Try it
Go through the data below and copy each line where the word "FNot" occurs.

Data excerpts
(* The relation $\{(c(\alpha),c(\beta),c(\gamma)) \text{ padded with } 0 : \alpha,\beta,\gamma<\omega^\omega,\ \alpha+\beta=\gamma\}$ — more precisely, the set of triples of equal-length words over $\omega$ forming the components of $c(\alpha,\beta,\gamma)$ for ordinals $\alpha,\beta,\gamma<\omega^\omega$ with $\alpha+\beta=\gamma$ (ordinal addition) — is $(\omega;+)$-recognizable.
   Context: Ordinal encoding: every ordinal $0<\alpha<\omega^\omega$ can be written uniquely as $\alpha=\sum_{i=m}^{0}\omega^i a_i=\omega^m a_m+\cdots+\omega^0a_0$ with $a_i<\omega$ and $a_m\ne0$; put $c(\alpha)=a_0a_1\cdots a_m\in\omega^*$ (a word over the infinite alphabet $\omega$), and $c(0)=\varepsilon$. For ordinals $\alpha_1,\dots,\alpha_n<\omega^\omega$, $c(\alpha_1,\dots,\alpha_n)$ is the $n$-tuple of words obtained by right-padding each $c(\alpha_j)$ with the symbol $0$ to the common length $\max_j|c(\alpha_j)|$ (equivalently a single word over $\omega^n$). Recognizability: let $\mathfrak M=(\omega;+)$ with $+$ the ternary graph of addition, $\mathfrak L=\{+\}$. Let $\#\notin\omega$ and $\mathfrak M_\#$ the $\{+,P_\#\}$-structure with domain $\omega\cup\{\#\}$, $+$ as in $\mathfrak M$, $P_\#(x)$ iff $x=\#$. For $w=(w_1,\dots,w_n)\in(\omega^* )^n$, $\langle w\rangle$ is the word over $(\omega\cup\{\#\})^n$ of length $\max_i|w_i|$ obtained by right-padding each $w_i$ with $\#$ and reading in parallel. An $\mathfrak M$-automaton with $n$ tapes is $(Q,n,E,I,T)$ with $Q$ finite, $I,T\subseteq Q$, and a finite set $E\subseteq Q\times\mathcal F_n\times Q$, $\mathcal F_n$ the first-order $\{+,P_\#\}$-formulas with $n$ free variables; $w$ is accepted if, writing $\langle w\rangle=u_0\cdots u_{m-1}$, there are states $q_0\in I,\dots,q_m\in T$ such that for each $i<m$ some $(q_i,\varphi,q_{i+1})\in E$ satisfies $\mathfrak M_\#\models\varphi(u_i)$. A relation $X\subseteq(\omega^* )^n$ is $(\omega;+)$-recognizable if it is the set of tuples accepted by some such automaton. *)

From mathcomp Require Import all_boot.
From Stdlib Require Lists.List.
Set Implicit Arguments. Unset Strict Implicit. Unset Printing Implicit Defensive.

(* An ordinal 0 < alpha < omega^omega, alpha = sum_{i=m}^{0} omega^i a_i with
   a_m <> 0, is represented by the word c(alpha) = a_0 a_1 ... a_m : seq nat;
   0 is represented by the empty word. *)
Definition cnf (s : seq nat) : bool := last 1 s != 0.

(* If beta = 0 then alpha + beta = alpha; otherwise,
   with k the leading exponent of beta, the coefficients of alpha + beta are
   b_i for i < k, a_k + b_k at i = k, and a_i for i > k. *)
Definition oadd (a b : seq nat) : seq nat :=
  if b is [::] then a
  else let k := (size b).-1 in
       take k b ++ (nth 0 a k + nth 0 b k) :: drop k.+1 a.

Definition pad0 (m : nat) (s : seq nat) : seq nat := s ++ nseq (m - size s) 0.

(* Elements of omega ∪ {#} are represented by option nat, None = #. *)
Inductive formula : Type :=
  | FAdd of nat & nat & nat
  | FP of nat
  | FEq of nat & nat
  | FFalse
  | FNot of formula
  | FAnd of formula & formula
  | FOr of formula & formula
  | FEx of nat & formula
  | FAll of nat & formula.

Definition upd (e : nat -> option nat) (v : nat) (x : option nat) :=
  fun w => if w == v then x else e w.

Fixpoint sat (e : nat -> option nat) (f : formula) : Prop :=
  match f with
  | FAdd x y z => exists a b c, e x = Some a /\ e y = Some b /\ e z = Some c
                               /\ a + b = c
  | FP x => e x = None
  | FEq x y => e x = e y
  | FFalse => False
  | FNot g => ~ sat e g
  | FAnd g h => sat e g /\ sat e h
  | FOr g h => sat e g \/ sat e h
  | FEx v g => exists x : option nat, sat (upd e v x) g
  | FAll v g => forall x : option nat, sat (upd e v x) g
  end.

Fixpoint fv_below (n : nat) (f : formula) : seq nat -> bool :=
  fun bound =>
  let ok v := (v < n) || (v \in bound) in
  match f with
  | FAdd x y z => [&& ok x, ok y & ok z]
  | FP x => ok x
  | FEq x y => ok x && ok y
  | FFalse => true
  | FNot g => fv_below n g bound
  | FAnd g h | FOr g h => fv_below n g bound && fv_below n h bound
  | FEx v g | FAll v g => fv_below n g (v :: bound)
  end.

Definition formula_n (n : nat) (f : formula) : bool := fv_below n f [::].

(* the i-th letter of <w>, as a variable assignment (variable j < n gets the
   j-th component; other variables are irrelevant for formulas in F_n) *)
Definition letter (n : nat) (w : 'I_n -> seq nat) (i : nat) : nat -> option nat :=
  fun j => match @insub nat (fun k => k < n) 'I_n j with
           | Some k => let s := w k in
                       if i < size s then Some (nth 0 s i) else None
           | None => None
           end.

Definition conv_len (n : nat) (w : 'I_n -> seq nat) : nat :=
  \max_(j < n) size (w j).

Record automaton (n : nat) := Automaton {
  aQ : finType;
  aE : seq (aQ * formula * aQ);
  aI : {set aQ};
  aT : {set aQ} }.

Definition wf_automaton (n : nat) (A : automaton n) : Prop :=
  forall q f q', Stdlib.Lists.List.In (q, f, q') (aE A) -> formula_n n f.

Definition accepts (n : nat) (A : automaton n) (w : 'I_n -> seq nat) : Prop :=
  exists r : nat -> aQ A,
    r 0 \in aI A /\ r (conv_len w) \in aT A /\
    forall i, i < conv_len w ->
      exists f, Stdlib.Lists.List.In (r i, f, r i.+1) (aE A) /\ sat (letter w i) f.

Definition recognizable (n : nat) (X : ('I_n -> seq nat) -> Prop) : Prop :=
  exists A : automaton n, wf_automaton A /\
    forall w, X w <-> accepts A w.

Definition add_rel (w : 'I_3 -> seq nat) : Prop :=
  exists a b c : seq nat,
    [/\ cnf a, cnf b, cnf c, oadd a b = c &
      let m := maxn (size a) (maxn (size b) (size c)) in
      forall j : 'I_3, w j = pad0 m (nth [::] [:: a; b; c] j)].

(* Read the codes least significant digit first.  If beta <> 0 has leading
   exponent e, the Cantor normal form of alpha + beta has the digits of beta
   below e, a_e + b_e at e and the digits of alpha above e; since the digits of
   beta vanish above e, the digit of gamma is b_i for i < e and a_i + b_i for
   i >= e.  An automaton reading the three padded codes in parallel can thus
   guess e: in state [Low] it checks c_i = b_i, it leaves [Low] on a letter with
   b_e <> 0 and c_e = a_e + b_e, and from then on it checks b_i = 0 and
   c_i = a_i + b_i; it accepts after a last letter with c_i <> 0, which makes
   gamma a valid code.  Each of these letter conditions is first-order in
   (omega; +), e.g. v = 0 as v + v = v. *)

From HB Require Import structures.
From mathcomp Require Import all_boot zify.

Set Implicit Arguments.
Unset Strict Implicit.
Unset Printing Implicit Defensive.

Fixpoint strip (s : seq nat) : seq nat :=
  if s is a :: s' then
    let t := strip s' in if (a == 0) && nilp t then [::] else a :: t
  else [::].

Lemma nth_strip s i : nth 0 (strip s) i = nth 0 s i.
Proof.
elim: s i => [|a s IH] i //=; case: ifP => [/andP[/eqP -> /nilP t0] | _].
- by case: i => [|i] //=; rewrite -IH t0 nth_nil.
- by case: i.
Qed.

Lemma size_strip s : size (strip s) <= size s.
Proof. by elim: s => [|a s IH] //=; case: ifP. Qed.

Lemma cnf_nth s : 0 < size s -> cnf s = (nth 0 s (size s).-1 != 0).
Proof. by case: s => // a s _; rewrite /cnf nth_last. Qed.

Lemma cnf_strip s : cnf (strip s).
Proof.
elim: s => [|a s IH] //=; case: ifP => // /negbT; rewrite negb_and.
by move: IH; rewrite /cnf; case: (strip s) => [|b t] //=; rewrite orbF.
Qed.

Lemma cnf_size_leq s t : cnf s -> nth 0 s =1 nth 0 t -> size s <= size t.
Proof.
move=> cs st; rewrite leqNgt; apply/negP => lt_ts.
have s_gt0 : 0 < size s by apply: leq_ltn_trans lt_ts.
move: cs; rewrite cnf_nth // st nth_default ?eqxx //.
by rewrite -ltnS prednK.
Qed.

Lemma nth_pad0 m s i : nth 0 (pad0 m s) i = nth 0 s i.
Proof.
by rewrite /pad0 nth_cat; case: ltnP => // ?; rewrite nth_nseq if_same nth_default.
Qed.

Lemma size_pad0 m s : size s <= m -> size (pad0 m s) = m.
Proof. by move=> ?; rewrite /pad0 size_cat size_nseq subnKC. Qed.

Lemma pad0_id s : pad0 (size s) s = s.
Proof. by rewrite /pad0 subnn cats0. Qed.

Lemma pad0_strip s : pad0 (size s) (strip s) = s.
Proof.
apply: (@eq_from_nth _ 0) => [|i _]; first by rewrite size_pad0 // size_strip.
by rewrite nth_pad0 nth_strip.
Qed.

Lemma strip_pad0 m s : cnf s -> strip (pad0 m s) = s.
Proof.
move=> cs; have E i : nth 0 (strip (pad0 m s)) i = nth 0 s i.
  by rewrite nth_strip nth_pad0.
apply: (@eq_from_nth _ 0) => [|i _]; last exact: E.
by apply/eqP; rewrite eqn_leq !cnf_size_leq ?cnf_strip // => i; rewrite E.
Qed.

Lemma size_strip_gt s i : nth 0 s i != 0 -> i < size (strip s).
Proof. by rewrite ltnNge; apply: contra => ?; rewrite -nth_strip nth_default. Qed.

Lemma size_strip_leq s n : (forall i, n <= i -> nth 0 s i = 0) -> size (strip s) <= n.
Proof.
move=> s0; apply: leq_trans (geq_minl n (size s)); rewrite -size_take_min.
apply: cnf_size_leq (cnf_strip s) _ => i.
rewrite nth_strip; case: (ltnP i n) => [lt_in | le_ni]; first by rewrite nth_take.
by rewrite s0 // nth_default // size_take_min (leq_trans (geq_minl _ _) le_ni).
Qed.

Lemma size_oadd a b : size (oadd a b) = maxn (size a) (size b).
Proof.
case: b => [|v b] /=; first by rewrite maxn0.
rewrite size_cat size_take /= size_drop ltnSn; lia.
Qed.

Lemma nth_oadd a b i :
  nth 0 (oadd a b) i = if i < (size b).-1 then nth 0 b i else nth 0 a i + nth 0 b i.
Proof.
case: b => [|v b] /=; first by rewrite nth_nil addn0.
rewrite nth_cat size_take /= ltnSn; case: ltngtP => [lt_ib | lt_bi | ->].
- by rewrite nth_take.
- rewrite -[i - size b]prednK ?subn_gt0 //= nth_drop -subnS subnKC //.
  by rewrite [nth 0 (v :: b) i]nth_default ?addn0.
- by rewrite subnn.
Qed.

(* [Done] is entered on the last letter of a nonempty input; [Empty] only
   serves to accept the empty input. *)
Inductive state := Low | High | Done | Empty.

Definition state_code (q : state) : bool * bool :=
  match q with
  | Low => (false, false) | High => (false, true)
  | Done => (true, false) | Empty => (true, true)
  end.

Definition code_state (c : bool * bool) : state :=
  match c with
  | (false, false) => Low | (false, true) => High
  | (true, false) => Done | (true, true) => Empty
  end.

Lemma state_codeK : cancel state_code code_state. Proof. by case. Qed.

HB.instance Definition _ := Finite.copy state (can_type state_codeK).

Definition fZero (x : nat) : formula := FAdd x x x.
Definition fSum : formula := FAdd 0 1 2.
(* The existential only forces the alpha-digit to be a number rather than #. *)
Definition fCopy : formula := FAnd (FEq 2 1) (FEx 3 (FAdd 0 1 3)).

Definition add_edges : seq (state * formula * state) :=
  [:: (Low, fCopy, Low);
      (Low, FAnd fSum (FNot (fZero 1)), High);
      (Low, FAnd fSum (FNot (fZero 1)), Done);
      (High, FAnd fSum (fZero 1), High);
      (High, FAnd (FAnd fSum (fZero 1)) (FNot (fZero 2)), Done)].

Definition add_automaton : automaton 3 :=
  @Automaton 3 state add_edges [set Low; High; Empty] [set Done; Empty].

Lemma add_automaton_wf : wf_automaton add_automaton.
Proof. by move=> q f q' /= [[_ <- _]|[[_ <- _]|[[_ <- _]|[[_ <- _]|[[_ <- _]|[]]]]]]. Qed.

Definition add_step (q q' : state) (u v t : nat) : Prop :=
  match q, q' with
  | Low, Low => t = v
  | Low, (High | Done) => v <> 0 /\ t = u + v
  | High, High => v = 0 /\ t = u + v
  | High, Done => [/\ v = 0, t = u + v & t <> 0]
  | _, _ => False
  end.

Definition column (e : nat -> option nat) (u v t : nat) : Prop :=
  [/\ e 0 = Some u, e 1 = Some v & e 2 = Some t].

Lemma sat_fZero e x : sat e (fZero x) <-> e x = Some 0.
Proof.
split=> [[a [b [c [ea [eb [ec abc]]]]]] | ex]; last by exists 0, 0, 0.
rewrite ea in eb ec *; case: eb => <- in abc; case: ec => <- in abc.
by congr Some; lia.
Qed.

Lemma sat_fSum e : sat e fSum <-> exists u v, column e u v (u + v).
Proof.
split=> [[u [v [t [eu [ev [et tE]]]]]] | [u [v [eu ev et]]]].
  by exists u, v; split; rewrite // tE.
by exists u, v, (u + v).
Qed.

Lemma sat_fCopy e : sat e fCopy <-> exists u v, column e u v v.
Proof.
rewrite /= /upd /=; split=> [[e21 [_ [u [v [t [eu [ev _]]]]]]] | [u [v [eu ev et]]]].
  by exists u, v; split; rewrite // e21.
by split; [rewrite et ev | exists (Some (u + v)), u, v, (u + v)].
Qed.

Lemma add_edgesP e q q' :
  (exists f, List.In (q, f, q') add_edges /\ sat e f) <->
  exists u v t, column e u v t /\ add_step q q' u v t.
Proof.
have zero j w : e j = Some w -> sat e (fZero j) <-> w = 0.
  by move=> ej; rewrite sat_fZero ej; split=> [[]|->].
split=> [[f [/= edge]] | [u [v [t [col step]]]]].
  case: edge => [[<- <- <-]|[[<- <- <-]|[[<- <- <-]|[[<- <- <-]|[[<- <- <-]|[]]]]]] sat_f.
  - by case/sat_fCopy: sat_f => u [v col]; exists u, v, v.
  - case: sat_f => /sat_fSum[u [v col]] nz; exists u, v, (u + v).
    by case: (col) => _ /zero ev _; do 2 split=> //; move/ev/nz.
  - case: sat_f => /sat_fSum[u [v col]] nz; exists u, v, (u + v).
    by case: (col) => _ /zero ev _; do 2 split=> //; move/ev/nz.
  - case: sat_f => /sat_fSum[u [v col]] z1; exists u, v, (u + v).
    by case: (col) => _ /zero ev _; do 2 split=> //; apply/ev.
  - case: sat_f => [[/sat_fSum[u [v col]] z1] nz]; exists u, v, (u + v).
    by case: (col) => _ /zero ev /zero et; do 2 split=> //; [apply/ev | move/et/nz].
case: (col) => _ ev et.
have sum : t = u + v -> sat e fSum.
  by move=> tE; apply/sat_fSum; exists u, v; rewrite tE in col.
case: q q' step => [] [] //= step.
- exists fCopy; split; first by left.
  by apply/sat_fCopy; exists u, v; rewrite step in col.
- case: step => v0 /sum sat_sum; exists (FAnd fSum (FNot (fZero 1))).
  by split; [right; left | split=> // /(zero 1 v ev)].
- case: step => v0 /sum sat_sum; exists (FAnd fSum (FNot (fZero 1))).
  by split; [right; right; left | split=> // /(zero 1 v ev)].
- case: step => v0 /sum sat_sum; exists (FAnd fSum (fZero 1)).
  by split; [do 3 right; left | split=> //; apply/(zero 1 v ev)].
- case: step => v0 /sum sat_sum t0; exists (FAnd (FAnd fSum (fZero 1)) (FNot (fZero 2))).
  split; first by do 4 right; left.
  by split; [split=> //; apply/(zero 1 v ev) | move/(zero 2 t et)].
Qed.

The answer
  | FNot of formula
  | FNot g => ~ sat e g
  | FNot g => fv_below n g bound
      (Low, FAnd fSum (FNot (fZero 1)), High);
      (Low, FAnd fSum (FNot (fZero 1)), Done);
      (High, FAnd (FAnd fSum (fZero 1)) (FNot (fZero 2)), Done)].
- case: step => v0 /sum sat_sum; exists (FAnd fSum (FNot (fZero 1))).
- case: step => v0 /sum sat_sum; exists (FAnd fSum (FNot (fZero 1))).
- case: step => v0 /sum sat_sum t0; exists (FAnd (FAnd fSum (fZero 1)) (FNot (fZero 2))).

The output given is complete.